Single by Bob Seger & the Silver Bullet Band

from the album The Fire Inside
- B-side: "Roll Me Away"; "The Mountain";
- Released: 1991
- Length: 4:38 (album version); 3:43 (7-inch edit);
- Label: Captiol
- Songwriter: Bob Seger
- Producer: Don Was

Bob Seger & the Silver Bullet Band singles chronology
| "Take a Chance" (1991) | "The Real Love" (1991) | "The Fire Inside" (1991) |

Audio
- "The Real Love" on YouTube

= The Real Love =

1991 single by Bob Seger

"The Real Love" is a song by American rock band Bob Seger & the Silver Bullet Band. Frontman Bob Seger wrote the track for the band's sixth studio album, The Fire Inside (1991), and it was produced by Don Was. In Europe, "The Real Love" was released as the album's second single, while in the United States, where "Take a Chance" did not receive a commercial release, it served as the album's lead single. According to Seger, the song is about a man who searches for true love, with "simple" lyrics.
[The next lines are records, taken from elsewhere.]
(* There exists a probabilistic database that has the finite moments property but is not in $\mathsf{FO}(\mathsf{TI})$.
   Context: Fix a countably infinite universe $U$. A database schema $\tau$ is a finite nonempty set of relation symbols with arities; a $\tau$-fact is an expression $R(u_1,\dots,u_{\mathrm{ar}(R)})$ with $R\in\tau$, $u_i\in U$; a $\tau$-instance is a finite set of $\tau$-facts, and $\mathrm{adom}(D)$ is the set of elements of $U$occurring in $D$. A probabilistic database (PDB) of schema $\tau$ is a discrete probability space $(\mathbb{D},P)$ where $\mathbb{D}$ is a nonempty countable set of $\tau$-instances. The instance size is the random variable $D\mapsto |D|$ (number of facts). A PDB has the finite moments property if $\mathbb{E}(|\cdot|^k)=\sum_{D\in\mathbb{D}}|D|^kP(\{D\})<\infty$ for all $k\in\mathbb{N}_+$. A PDB $\mathcal{I}$ is tuple-independent (TI) if for all $k$ and all pairwise distinct facts $f_1,\dots,f_k$, $\Pr_{I\sim\mathcal I}(f_1\in I,\dots,f_k\in I)=\prod_i\Pr_{I\sim\mathcal I}(f_i\in I)$; $\mathsf{TI}$ is the class of all TI-PDBs. A view $V$ maps instances of an input schema to instances of an output schema; the image of a PDB $(\mathbb D,P)$ under $V$ is the PDB on $V(\mathbb D)$ with $P'(\{D'\})=P(\{D\in\mathbb D: V(D)=D'\})$. An FO-view consists of one first-order formula $\Phi_R(x_1,\dots,x_{\mathrm{ar}(R)})$ (constants from $U$ allowed) per output relation symbol $R$, evaluated under active domain semantics: quantifiers range over $\mathrm{adom}(D)$ together with the constants of the formula, and the output contains $R(\bar a)$ exactly for the tuples $\bar a$ over this set with $D\models\Phi_R[\bar a]$. $\mathsf{FO}(\mathsf{TI})$ is the class of images of TI-PDBs under FO-views. *)

From HB Require Import structures.
From mathcomp Require Import all_boot all_order all_algebra.
From mathcomp Require Import finmap.
From mathcomp Require Import all_classical all_reals all_analysis.
From mathcomp Require Import Rstruct.
(* Under the hypotheses of the following setting: $\{e_n\}_{n\in\mathbb{Z}}$ i.i.d. real random variables with a continuous, bounded, strictly positive density on $\mathbb{R}$; $q,d\ge1$ integers; $r,\mu_1,\mu_2,\phi_i,\psi_i\in\mathbb{R}$; and $\{y_n\}_{n\in\mathbb{Z}}$ the unique strictly stationary solution of $$y_n=\begin{cases}\mu_1+e_n+\sum_{i=1}^q\phi_ie_{n-i}, & \text{if } y_{n-d}\le r,\\ \mu_2+e_n+\sum_{i=1}^q\psi_ie_{n-i}, & \text{if } y_{n-d}>r,\end{cases}$$ there exists $\rho\in(0,1)$ such that for all $-\infty\le u_1<u_2\le\infty$ and $-\infty\le v_1<v_2\le\infty$, $$\operatorname{Cov}\big(\mathbb{1}(u_1<y_0\le u_2),\ \mathbb{1}(v_1<y_k\le v_2)\big)=O(\rho^k)\quad\text{as } k\to\infty.$$
   Context: $\mathbb{1}(\cdot)$ denotes the indicator function. A solution means a process on the same probability space as $\{e_n\}$ satisfying the equation almost surely for every $n$. *)

From HB Require Import structures.
From mathcomp Require Import all_boot all_order all_algebra.
From mathcomp Require Import all_classical all_reals all_analysis.
Set Implicit Arguments. Unset Strict Implicit. Unset Printing Implicit Defensive.
Import Order.TTheory GRing.Theory Num.Theory numFieldNormedType.Exports.
Local Open Scope classical_set_scope.
Local Open Scope ring_scope.

Definition mutually_independent {d} {T : measurableType d} {R : realType}
  (P : probability T R) (X : int -> T -> R) : Prop :=
  forall (s : seq int) (A : int -> set R), uniq s ->
    (forall i, measurable (A i)) ->
    P (\bigcap_(i in [set i | i \in s]) (X i @^-1` A i)) =
    (\prod_(i <- s) P (X i @^-1` A i))%E.

Definition identically_distributed {d} {T : measurableType d} {R : realType}
  (P : probability T R) (X : int -> T -> R) : Prop :=
  forall n (A : set R), measurable A -> P (X n @^-1` A) = P (X 0 @^-1` A).

Definition has_density {d} {T : measurableType d} {R : realType}
  (P : probability T R) (X : T -> R) (f : R -> R) : Prop :=
  forall A : set R, measurable A ->
    P (X @^-1` A) = (\int[lebesgue_measure]_(x in A) (f x)%:E)%E.

Definition strictly_stationary {d} {T : measurableType d} {R : realType}
  (P : probability T R) (Y : int -> T -> R) : Prop :=
  forall (h : int) (s : seq int) (A : int -> set R),
    (forall i, measurable (A i)) ->
    P (\bigcap_(t in [set t | t \in s]) (Y (t + h) @^-1` A t)) =
    P (\bigcap_(t in [set t | t \in s]) (Y t @^-1` A t)).

Definition ev_between {T} {R : realType} (X : T -> R) (u1 u2 : \bar R) : set T :=
  [set w | (u1 < (X w)%:E)%E /\ ((X w)%:E <= u2)%E].

Definition tma_rhs {T} {R : realType} (q d : nat) (r mu1 mu2 : R)
  (phi psi : nat -> R) (e y : int -> T -> R) (n : int) (w : T) : R :=
  if y (n - d%:Z) w <= r
  then mu1 + e n w + \sum_(1 <= i < q.+1) phi i * e (n - i%:Z) w
  else mu2 + e n w + \sum_(1 <= i < q.+1) psi i * e (n - i%:Z) w.

From HB Require Import structures.
From mathcomp Require Import all_boot all_order all_algebra.
From mathcomp Require Import all_classical all_reals all_analysis.
From mathcomp Require Import measurable_realfun zify ring lra.
Import Order.TTheory GRing.Theory Num.Theory numFieldNormedType.Exports.
Local Open Scope classical_set_scope.
Local Open Scope ring_scope.
Set Implicit Arguments. Unset Strict Implicit. Unset Printing Implicit Defensive.

(* For a small enough level c, the event
   R_t = {e_t <= c, |e_(t-1)| <= 1, ..., |e_(t-q)| <= 1} forces y_t <= r in either regime, and
   from then on y_(t+md), m >= 1, is a fixed function of e_(t-q), ..., e_(t+md). Looking back from
   k at the times k - j(q+1)d, j = 1..N, y_k therefore agrees with a function of the noises in
   [k - N(q+1)d - q, k] outside the event that no R_t occurs at these times; by independence that
   event has probability (1-p)^N, where p = P(R_t) > 0 because the density is positive. With N of
   order k / (2(q+1)d) the noise windows of y_0 and y_k are disjoint, so the two indicators are
   within O((1-p)^N) of independent variables, and their covariance decays geometrically. *)

Section ProbabilityFacts.
Context {R : realType} {dT : measure_display} {T : measurableType dT}
  (P : probability T R).

Lemma probability_fineK (X : set T) : measurable X -> P X = (fine (P X))%:E.
Proof. by move=> mX; rewrite fineK// fin_num_measure. Qed.

Lemma fine_probability_ge0 (X : set T) : 0 <= fine (P X).
Proof. by apply: fine_ge0; exact: measure_ge0. Qed.

Lemma fine_probability_le1 (X : set T) : measurable X -> fine (P X) <= 1.
Proof.
move=> mX; rewrite -[1]/(fine 1%E); apply: fine_le; rewrite ?fin_num_measure//.
exact: probability_le1.
Qed.

Lemma fine_measure_setIC_split (X S : set T) : measurable X -> measurable S ->
  fine (P X) = fine (P (X `&` S)) + fine (P (X `&` ~` S)).
Proof.
move=> mX mS.
have mXS : measurable (X `&` S) by exact: measurableI.
have mXC : measurable (X `&` ~` S) by apply: measurableI => //; exact: measurableC.
rewrite -fineD ?fin_num_measure// -measureU//; first by rewrite -setIUr setUv setIT.
by apply/seteqP; split => w // [[_ a] [_ b]].
Qed.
Released as a single in the United States in mid-1991, "The Real Love" gave Seger his 19th and most recent top-40 hit on the US Billboard Hot 100 chart, peaking at number 24 that October. In Canada, the song became a number-one hit the same month, topping the RPM 100 Hit Tracks ranking, and it also charted in Australia, Germany, and Switzerland. A music video was made to promote the song; it was filmed in Colorado and Utah and features 40 cast members, including previous Silver Bullet Band members.

==Reception==
Upon the song's release, Dave Sholin of American trade publication Gavin Report gave "The Real Love" a positive review, calling it "real music" and stating that Bob Seger's music "never fails to touch the soul".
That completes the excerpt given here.